#### [Task statement]
In the entries that follow, find the line containing "Lemma foldr_tmax_attained (h"; from there, copy every line exactly through the line containing "rewrite pmul_finite /tadd;".

#### [Extracted entries]
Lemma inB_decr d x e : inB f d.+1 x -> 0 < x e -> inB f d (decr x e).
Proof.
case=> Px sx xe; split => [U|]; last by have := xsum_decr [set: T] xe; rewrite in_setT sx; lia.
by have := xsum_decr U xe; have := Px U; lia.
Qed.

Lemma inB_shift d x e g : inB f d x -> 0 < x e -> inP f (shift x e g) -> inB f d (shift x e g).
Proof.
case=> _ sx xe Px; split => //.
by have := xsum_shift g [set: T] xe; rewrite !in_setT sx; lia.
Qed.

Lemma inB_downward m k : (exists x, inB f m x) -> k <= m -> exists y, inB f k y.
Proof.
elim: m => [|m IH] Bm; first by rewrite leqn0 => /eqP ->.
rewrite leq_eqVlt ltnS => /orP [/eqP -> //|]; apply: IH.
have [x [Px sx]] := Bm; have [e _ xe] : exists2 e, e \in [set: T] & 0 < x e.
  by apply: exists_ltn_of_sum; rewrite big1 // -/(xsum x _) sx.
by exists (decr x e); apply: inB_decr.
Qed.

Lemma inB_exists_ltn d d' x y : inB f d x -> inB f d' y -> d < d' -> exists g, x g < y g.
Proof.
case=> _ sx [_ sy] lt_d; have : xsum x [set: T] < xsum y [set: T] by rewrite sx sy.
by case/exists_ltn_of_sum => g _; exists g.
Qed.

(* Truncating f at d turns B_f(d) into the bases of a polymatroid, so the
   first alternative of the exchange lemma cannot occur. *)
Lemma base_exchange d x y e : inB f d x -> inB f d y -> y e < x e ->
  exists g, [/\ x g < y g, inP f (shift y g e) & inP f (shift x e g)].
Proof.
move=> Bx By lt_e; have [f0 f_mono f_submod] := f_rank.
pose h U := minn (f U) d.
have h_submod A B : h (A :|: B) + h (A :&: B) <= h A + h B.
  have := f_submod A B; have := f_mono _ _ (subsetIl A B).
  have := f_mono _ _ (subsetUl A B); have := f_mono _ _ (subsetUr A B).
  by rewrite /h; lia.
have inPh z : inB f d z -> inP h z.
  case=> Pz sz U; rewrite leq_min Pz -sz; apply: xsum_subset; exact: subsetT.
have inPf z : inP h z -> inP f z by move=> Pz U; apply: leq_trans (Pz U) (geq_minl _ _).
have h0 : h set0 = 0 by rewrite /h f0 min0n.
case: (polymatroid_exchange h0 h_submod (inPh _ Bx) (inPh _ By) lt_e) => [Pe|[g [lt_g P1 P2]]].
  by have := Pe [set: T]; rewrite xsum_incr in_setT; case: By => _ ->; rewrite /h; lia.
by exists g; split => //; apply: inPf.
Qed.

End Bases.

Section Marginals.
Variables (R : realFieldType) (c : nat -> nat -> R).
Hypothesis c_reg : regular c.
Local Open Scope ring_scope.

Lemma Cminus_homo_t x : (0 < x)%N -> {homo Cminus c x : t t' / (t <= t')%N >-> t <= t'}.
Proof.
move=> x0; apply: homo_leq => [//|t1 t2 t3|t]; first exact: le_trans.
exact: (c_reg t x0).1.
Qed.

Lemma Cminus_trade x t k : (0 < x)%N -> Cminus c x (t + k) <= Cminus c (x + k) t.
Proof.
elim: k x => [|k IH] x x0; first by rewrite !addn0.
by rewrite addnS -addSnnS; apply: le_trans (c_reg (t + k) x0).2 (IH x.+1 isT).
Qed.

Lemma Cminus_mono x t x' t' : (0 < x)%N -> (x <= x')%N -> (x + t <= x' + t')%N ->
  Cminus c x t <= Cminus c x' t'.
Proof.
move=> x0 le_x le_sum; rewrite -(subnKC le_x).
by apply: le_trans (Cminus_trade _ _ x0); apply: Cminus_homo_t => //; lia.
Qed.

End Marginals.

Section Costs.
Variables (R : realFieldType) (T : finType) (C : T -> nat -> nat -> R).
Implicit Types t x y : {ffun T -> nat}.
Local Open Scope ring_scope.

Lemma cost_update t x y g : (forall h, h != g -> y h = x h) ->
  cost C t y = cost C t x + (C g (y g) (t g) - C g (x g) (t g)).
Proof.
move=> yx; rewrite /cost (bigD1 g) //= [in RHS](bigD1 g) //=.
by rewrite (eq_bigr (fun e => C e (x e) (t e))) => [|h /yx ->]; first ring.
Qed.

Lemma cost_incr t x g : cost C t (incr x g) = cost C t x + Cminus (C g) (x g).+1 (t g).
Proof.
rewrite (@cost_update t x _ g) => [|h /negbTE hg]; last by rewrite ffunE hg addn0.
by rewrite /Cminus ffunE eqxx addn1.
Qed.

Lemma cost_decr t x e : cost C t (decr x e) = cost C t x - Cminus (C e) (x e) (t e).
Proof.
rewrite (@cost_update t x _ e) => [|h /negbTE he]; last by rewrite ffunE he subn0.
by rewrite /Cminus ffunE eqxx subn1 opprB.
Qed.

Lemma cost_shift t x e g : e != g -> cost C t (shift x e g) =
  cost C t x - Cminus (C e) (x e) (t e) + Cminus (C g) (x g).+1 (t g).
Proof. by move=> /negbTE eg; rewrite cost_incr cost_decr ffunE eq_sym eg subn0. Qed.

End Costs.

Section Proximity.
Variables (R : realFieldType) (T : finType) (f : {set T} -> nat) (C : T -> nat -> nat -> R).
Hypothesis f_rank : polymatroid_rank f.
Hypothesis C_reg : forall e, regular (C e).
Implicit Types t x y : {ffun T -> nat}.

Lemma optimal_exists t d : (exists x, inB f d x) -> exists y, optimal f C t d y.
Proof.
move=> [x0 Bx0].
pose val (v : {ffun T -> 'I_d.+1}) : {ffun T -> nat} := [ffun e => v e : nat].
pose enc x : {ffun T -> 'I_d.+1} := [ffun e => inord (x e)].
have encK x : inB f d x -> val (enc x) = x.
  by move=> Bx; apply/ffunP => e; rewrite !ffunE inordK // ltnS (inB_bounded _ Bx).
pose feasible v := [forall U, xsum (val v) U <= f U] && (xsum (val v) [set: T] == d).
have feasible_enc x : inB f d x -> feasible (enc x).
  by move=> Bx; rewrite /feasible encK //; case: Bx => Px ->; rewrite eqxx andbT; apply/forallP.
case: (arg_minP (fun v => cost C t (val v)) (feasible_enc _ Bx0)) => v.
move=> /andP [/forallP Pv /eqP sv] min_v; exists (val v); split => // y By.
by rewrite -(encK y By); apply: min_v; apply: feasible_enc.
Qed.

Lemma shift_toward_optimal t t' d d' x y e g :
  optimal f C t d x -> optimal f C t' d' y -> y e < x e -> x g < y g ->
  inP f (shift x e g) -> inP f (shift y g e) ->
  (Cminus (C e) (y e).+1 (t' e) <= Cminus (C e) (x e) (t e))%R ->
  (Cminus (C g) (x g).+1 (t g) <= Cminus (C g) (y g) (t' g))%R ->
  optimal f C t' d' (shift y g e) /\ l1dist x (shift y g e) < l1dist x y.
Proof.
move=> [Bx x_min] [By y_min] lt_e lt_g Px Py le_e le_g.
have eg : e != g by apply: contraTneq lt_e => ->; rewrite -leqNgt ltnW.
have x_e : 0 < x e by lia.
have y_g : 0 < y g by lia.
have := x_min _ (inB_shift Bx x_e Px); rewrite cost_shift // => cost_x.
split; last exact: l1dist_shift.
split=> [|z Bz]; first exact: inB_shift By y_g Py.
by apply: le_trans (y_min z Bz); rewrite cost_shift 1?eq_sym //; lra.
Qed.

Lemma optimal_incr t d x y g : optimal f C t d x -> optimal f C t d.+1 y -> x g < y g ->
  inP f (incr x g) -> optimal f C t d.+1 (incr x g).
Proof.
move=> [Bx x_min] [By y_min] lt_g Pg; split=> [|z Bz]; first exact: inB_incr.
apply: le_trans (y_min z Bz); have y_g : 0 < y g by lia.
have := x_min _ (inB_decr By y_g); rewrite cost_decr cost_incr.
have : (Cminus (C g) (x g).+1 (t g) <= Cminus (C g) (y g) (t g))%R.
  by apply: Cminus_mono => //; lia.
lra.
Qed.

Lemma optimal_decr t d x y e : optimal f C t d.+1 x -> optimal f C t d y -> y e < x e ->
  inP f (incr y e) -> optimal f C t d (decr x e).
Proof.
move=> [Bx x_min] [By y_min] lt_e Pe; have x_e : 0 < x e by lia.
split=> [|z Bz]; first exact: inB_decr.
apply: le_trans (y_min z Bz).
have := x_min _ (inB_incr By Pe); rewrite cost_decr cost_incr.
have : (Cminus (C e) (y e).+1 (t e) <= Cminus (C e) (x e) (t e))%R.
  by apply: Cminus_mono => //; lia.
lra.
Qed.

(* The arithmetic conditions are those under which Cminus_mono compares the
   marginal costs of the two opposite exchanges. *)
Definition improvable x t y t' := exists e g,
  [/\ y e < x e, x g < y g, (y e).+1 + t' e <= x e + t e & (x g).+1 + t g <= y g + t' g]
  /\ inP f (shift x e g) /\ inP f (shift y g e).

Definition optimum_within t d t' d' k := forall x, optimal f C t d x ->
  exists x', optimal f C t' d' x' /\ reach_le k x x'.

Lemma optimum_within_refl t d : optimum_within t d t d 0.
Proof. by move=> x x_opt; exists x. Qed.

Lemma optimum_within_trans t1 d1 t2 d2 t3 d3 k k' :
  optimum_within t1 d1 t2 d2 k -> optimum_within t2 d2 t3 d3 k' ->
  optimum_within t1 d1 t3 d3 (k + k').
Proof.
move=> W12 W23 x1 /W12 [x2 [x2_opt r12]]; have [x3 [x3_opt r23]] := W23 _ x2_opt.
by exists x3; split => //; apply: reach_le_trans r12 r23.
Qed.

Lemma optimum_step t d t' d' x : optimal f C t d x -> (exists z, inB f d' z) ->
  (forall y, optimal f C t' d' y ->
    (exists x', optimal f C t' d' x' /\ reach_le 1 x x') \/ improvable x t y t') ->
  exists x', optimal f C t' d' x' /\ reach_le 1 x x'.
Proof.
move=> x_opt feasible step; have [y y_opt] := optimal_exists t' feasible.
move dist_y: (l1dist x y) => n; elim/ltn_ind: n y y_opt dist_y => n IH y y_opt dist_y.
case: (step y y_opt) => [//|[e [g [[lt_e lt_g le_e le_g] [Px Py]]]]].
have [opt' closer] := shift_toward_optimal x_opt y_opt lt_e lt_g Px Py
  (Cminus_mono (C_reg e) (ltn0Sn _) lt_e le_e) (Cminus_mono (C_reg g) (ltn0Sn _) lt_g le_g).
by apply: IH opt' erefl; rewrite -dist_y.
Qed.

---

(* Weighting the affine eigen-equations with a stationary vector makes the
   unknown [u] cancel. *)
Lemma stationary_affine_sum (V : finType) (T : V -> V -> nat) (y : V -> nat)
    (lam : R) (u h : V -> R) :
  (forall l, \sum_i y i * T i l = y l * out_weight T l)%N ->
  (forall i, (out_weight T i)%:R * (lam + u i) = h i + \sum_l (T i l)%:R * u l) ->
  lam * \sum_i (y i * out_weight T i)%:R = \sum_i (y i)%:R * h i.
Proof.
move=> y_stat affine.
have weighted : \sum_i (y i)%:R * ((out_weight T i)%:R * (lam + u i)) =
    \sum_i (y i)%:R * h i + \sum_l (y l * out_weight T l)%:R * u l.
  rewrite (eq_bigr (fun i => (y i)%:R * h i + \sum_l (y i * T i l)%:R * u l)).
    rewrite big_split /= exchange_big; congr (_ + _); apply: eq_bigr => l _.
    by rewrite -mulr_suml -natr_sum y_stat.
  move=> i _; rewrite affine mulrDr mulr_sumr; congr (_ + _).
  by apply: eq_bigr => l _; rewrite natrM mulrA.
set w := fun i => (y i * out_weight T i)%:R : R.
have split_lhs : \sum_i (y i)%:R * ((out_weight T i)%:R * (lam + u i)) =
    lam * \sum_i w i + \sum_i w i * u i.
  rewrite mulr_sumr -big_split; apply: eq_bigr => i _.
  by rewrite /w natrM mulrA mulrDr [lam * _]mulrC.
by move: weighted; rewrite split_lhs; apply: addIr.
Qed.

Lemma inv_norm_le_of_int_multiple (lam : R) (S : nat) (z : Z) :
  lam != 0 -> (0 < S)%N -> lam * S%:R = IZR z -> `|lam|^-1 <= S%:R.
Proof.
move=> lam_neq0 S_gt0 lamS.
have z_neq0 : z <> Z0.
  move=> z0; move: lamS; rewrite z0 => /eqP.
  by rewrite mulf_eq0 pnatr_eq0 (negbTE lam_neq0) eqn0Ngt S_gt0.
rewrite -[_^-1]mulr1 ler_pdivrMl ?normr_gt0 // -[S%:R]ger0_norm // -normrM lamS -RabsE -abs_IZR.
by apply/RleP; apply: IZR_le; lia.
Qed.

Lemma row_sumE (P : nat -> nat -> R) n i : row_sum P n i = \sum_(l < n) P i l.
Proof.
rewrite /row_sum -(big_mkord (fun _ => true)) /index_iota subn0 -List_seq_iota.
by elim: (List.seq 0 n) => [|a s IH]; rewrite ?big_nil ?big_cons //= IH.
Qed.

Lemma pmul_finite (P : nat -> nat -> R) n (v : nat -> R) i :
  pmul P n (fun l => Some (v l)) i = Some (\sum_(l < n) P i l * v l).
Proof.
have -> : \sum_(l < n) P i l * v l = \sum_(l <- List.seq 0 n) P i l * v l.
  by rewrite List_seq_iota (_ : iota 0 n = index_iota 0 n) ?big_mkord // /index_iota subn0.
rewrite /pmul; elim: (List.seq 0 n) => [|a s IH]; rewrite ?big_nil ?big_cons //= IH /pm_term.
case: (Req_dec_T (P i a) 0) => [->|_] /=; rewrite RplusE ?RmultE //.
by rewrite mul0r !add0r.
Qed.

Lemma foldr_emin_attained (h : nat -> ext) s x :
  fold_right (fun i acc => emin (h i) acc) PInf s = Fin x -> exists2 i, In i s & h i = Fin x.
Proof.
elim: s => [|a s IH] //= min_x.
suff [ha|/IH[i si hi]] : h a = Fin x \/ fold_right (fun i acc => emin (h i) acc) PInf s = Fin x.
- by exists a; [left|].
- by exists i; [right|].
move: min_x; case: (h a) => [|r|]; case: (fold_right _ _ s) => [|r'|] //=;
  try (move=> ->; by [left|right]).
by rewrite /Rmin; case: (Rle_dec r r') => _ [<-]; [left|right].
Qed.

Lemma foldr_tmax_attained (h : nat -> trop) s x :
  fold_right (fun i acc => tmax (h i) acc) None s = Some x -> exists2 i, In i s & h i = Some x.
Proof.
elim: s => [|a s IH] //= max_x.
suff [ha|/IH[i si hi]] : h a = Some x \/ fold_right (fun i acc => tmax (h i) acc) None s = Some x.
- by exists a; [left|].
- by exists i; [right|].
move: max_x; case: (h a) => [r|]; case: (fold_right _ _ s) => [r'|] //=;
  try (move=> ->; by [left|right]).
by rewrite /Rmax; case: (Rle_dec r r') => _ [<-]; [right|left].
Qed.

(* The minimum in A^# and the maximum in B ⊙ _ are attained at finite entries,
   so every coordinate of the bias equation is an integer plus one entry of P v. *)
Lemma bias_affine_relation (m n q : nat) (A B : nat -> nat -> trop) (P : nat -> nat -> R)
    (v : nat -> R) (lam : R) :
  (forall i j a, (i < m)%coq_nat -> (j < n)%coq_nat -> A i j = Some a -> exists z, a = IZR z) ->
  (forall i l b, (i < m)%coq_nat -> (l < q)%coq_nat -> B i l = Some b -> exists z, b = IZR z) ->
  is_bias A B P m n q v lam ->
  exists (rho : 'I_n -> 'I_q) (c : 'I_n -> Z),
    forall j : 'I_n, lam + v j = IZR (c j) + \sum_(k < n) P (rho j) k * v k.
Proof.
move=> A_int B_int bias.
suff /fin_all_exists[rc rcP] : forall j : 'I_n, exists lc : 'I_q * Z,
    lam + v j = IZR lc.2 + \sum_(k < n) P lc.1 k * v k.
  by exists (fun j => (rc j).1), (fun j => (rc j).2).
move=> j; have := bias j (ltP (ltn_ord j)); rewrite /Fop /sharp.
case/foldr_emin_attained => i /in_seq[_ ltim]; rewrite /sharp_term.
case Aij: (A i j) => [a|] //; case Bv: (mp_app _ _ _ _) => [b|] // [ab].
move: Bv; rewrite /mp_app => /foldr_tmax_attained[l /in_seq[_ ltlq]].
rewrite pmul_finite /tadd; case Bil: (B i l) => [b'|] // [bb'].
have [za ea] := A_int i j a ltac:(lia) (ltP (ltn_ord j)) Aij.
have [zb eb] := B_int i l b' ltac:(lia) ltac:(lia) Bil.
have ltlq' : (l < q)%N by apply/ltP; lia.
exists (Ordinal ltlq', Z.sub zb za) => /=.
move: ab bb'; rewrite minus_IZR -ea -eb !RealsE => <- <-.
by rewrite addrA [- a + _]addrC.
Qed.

--

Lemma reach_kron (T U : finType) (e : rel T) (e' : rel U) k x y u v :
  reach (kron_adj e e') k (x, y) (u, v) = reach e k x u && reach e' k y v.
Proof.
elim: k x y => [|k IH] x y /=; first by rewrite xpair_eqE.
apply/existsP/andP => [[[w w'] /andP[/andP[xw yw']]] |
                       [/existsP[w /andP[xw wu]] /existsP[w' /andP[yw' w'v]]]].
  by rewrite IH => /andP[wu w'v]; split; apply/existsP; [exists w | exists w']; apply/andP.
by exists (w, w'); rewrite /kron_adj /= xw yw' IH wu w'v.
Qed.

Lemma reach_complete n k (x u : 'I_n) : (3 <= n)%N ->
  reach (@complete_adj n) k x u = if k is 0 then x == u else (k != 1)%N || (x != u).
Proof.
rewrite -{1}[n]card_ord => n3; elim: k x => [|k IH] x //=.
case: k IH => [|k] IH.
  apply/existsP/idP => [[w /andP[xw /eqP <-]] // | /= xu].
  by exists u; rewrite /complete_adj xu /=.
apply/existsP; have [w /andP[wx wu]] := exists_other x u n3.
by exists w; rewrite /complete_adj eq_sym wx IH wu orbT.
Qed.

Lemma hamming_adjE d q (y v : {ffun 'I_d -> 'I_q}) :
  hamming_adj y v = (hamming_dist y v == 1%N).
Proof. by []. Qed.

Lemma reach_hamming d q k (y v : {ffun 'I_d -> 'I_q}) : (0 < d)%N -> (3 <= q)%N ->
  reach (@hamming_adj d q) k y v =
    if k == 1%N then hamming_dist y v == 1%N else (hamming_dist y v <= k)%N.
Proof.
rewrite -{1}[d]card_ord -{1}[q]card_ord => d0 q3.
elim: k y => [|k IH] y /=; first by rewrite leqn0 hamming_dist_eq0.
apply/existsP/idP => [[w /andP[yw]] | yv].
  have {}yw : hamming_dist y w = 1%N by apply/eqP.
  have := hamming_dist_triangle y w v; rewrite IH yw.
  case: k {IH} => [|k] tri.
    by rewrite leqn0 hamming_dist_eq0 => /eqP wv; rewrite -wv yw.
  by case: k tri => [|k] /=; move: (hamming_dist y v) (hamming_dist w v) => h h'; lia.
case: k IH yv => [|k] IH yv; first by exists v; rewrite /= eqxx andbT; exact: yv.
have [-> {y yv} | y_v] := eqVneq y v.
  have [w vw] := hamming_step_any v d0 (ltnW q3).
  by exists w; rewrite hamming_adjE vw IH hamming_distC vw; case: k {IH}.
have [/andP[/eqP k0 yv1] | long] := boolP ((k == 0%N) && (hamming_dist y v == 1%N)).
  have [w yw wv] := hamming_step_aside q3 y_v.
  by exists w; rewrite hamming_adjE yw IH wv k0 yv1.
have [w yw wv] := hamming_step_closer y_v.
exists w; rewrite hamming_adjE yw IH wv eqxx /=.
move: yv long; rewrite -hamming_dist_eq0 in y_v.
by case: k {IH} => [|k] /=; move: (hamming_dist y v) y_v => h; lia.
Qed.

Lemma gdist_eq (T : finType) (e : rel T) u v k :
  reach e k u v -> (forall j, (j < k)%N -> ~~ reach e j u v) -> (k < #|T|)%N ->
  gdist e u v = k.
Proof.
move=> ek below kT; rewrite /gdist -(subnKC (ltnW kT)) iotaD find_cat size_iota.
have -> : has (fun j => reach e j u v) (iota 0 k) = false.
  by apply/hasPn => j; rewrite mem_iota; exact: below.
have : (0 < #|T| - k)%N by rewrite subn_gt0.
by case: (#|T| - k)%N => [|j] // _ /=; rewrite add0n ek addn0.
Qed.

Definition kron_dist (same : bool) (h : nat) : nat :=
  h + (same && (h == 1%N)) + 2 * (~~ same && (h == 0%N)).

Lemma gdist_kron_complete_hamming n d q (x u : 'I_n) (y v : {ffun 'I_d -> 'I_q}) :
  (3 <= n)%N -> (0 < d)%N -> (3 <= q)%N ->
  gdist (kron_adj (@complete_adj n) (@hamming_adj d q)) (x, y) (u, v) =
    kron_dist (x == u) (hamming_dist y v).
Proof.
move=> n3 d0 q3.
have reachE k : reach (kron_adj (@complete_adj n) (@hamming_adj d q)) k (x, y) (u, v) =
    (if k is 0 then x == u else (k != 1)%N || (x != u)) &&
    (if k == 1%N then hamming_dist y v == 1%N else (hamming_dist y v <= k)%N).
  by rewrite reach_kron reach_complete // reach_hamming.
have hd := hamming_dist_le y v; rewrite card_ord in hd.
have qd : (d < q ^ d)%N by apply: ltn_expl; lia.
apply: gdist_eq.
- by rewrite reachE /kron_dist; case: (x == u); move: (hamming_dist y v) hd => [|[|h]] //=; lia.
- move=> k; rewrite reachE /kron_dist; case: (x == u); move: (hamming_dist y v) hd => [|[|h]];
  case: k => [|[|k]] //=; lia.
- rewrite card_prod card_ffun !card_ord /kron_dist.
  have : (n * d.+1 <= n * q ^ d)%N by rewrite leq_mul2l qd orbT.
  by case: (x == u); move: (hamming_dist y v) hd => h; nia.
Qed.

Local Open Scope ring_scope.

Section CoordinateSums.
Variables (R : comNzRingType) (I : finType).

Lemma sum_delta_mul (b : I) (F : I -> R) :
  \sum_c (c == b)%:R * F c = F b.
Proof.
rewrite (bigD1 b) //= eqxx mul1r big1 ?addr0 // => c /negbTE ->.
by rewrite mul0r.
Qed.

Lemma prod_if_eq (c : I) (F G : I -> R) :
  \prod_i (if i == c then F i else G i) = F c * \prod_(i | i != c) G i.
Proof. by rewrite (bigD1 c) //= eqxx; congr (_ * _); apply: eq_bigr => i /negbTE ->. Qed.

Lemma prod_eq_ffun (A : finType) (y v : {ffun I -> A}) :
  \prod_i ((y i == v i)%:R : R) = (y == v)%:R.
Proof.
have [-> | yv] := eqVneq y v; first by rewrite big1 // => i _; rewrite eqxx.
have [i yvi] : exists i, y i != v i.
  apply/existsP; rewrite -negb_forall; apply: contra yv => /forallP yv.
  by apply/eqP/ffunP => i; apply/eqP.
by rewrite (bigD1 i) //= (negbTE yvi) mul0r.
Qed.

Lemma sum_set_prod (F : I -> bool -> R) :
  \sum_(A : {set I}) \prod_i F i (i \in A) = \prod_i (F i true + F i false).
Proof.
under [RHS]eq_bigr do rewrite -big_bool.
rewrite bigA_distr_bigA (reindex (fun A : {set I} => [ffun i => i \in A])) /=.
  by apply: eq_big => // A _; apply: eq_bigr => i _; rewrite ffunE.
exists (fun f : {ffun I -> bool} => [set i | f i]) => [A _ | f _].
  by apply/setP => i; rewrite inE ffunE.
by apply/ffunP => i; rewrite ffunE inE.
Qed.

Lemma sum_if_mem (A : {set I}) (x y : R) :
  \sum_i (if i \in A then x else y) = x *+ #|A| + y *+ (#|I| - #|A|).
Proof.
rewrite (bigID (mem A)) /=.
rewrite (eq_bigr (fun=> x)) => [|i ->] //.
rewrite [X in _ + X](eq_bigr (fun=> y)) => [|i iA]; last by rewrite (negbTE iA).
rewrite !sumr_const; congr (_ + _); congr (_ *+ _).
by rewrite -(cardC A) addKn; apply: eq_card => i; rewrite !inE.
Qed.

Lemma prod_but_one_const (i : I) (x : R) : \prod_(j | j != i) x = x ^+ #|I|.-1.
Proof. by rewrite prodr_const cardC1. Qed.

#### [Written answer]
Lemma foldr_tmax_attained (h : nat -> trop) s x :
  fold_right (fun i acc => tmax (h i) acc) None s = Some x -> exists2 i, In i s & h i = Some x.
Proof.
elim: s => [|a s IH] //= max_x.
suff [ha|/IH[i si hi]] : h a = Some x \/ fold_right (fun i acc => tmax (h i) acc) None s = Some x.
- by exists a; [left|].
- by exists i; [right|].
move: max_x; case: (h a) => [r|]; case: (fold_right _ _ s) => [r'|] //=;
  try (move=> ->; by [left|right]).
by rewrite /Rmax; case: (Rle_dec r r') => _ [<-]; [right|left].
Qed.

(* The minimum in A^# and the maximum in B ⊙ _ are attained at finite entries,
   so every coordinate of the bias equation is an integer plus one entry of P v. *)
Lemma bias_affine_relation (m n q : nat) (A B : nat -> nat -> trop) (P : nat -> nat -> R)
    (v : nat -> R) (lam : R) :
  (forall i j a, (i < m)%coq_nat -> (j < n)%coq_nat -> A i j = Some a -> exists z, a = IZR z) ->
  (forall i l b, (i < m)%coq_nat -> (l < q)%coq_nat -> B i l = Some b -> exists z, b = IZR z) ->
  is_bias A B P m n q v lam ->
  exists (rho : 'I_n -> 'I_q) (c : 'I_n -> Z),
    forall j : 'I_n, lam + v j = IZR (c j) + \sum_(k < n) P (rho j) k * v k.
Proof.
move=> A_int B_int bias.
suff /fin_all_exists[rc rcP] : forall j : 'I_n, exists lc : 'I_q * Z,
    lam + v j = IZR lc.2 + \sum_(k < n) P lc.1 k * v k.
  by exists (fun j => (rc j).1), (fun j => (rc j).2).
move=> j; have := bias j (ltP (ltn_ord j)); rewrite /Fop /sharp.
case/foldr_emin_attained => i /in_seq[_ ltim]; rewrite /sharp_term.
case Aij: (A i j) => [a|] //; case Bv: (mp_app _ _ _ _) => [b|] // [ab].
move: Bv; rewrite /mp_app => /foldr_tmax_attained[l /in_seq[_ ltlq]].
rewrite pmul_finite /tadd; case Bil: (B i l) => [b'|] // [bb'].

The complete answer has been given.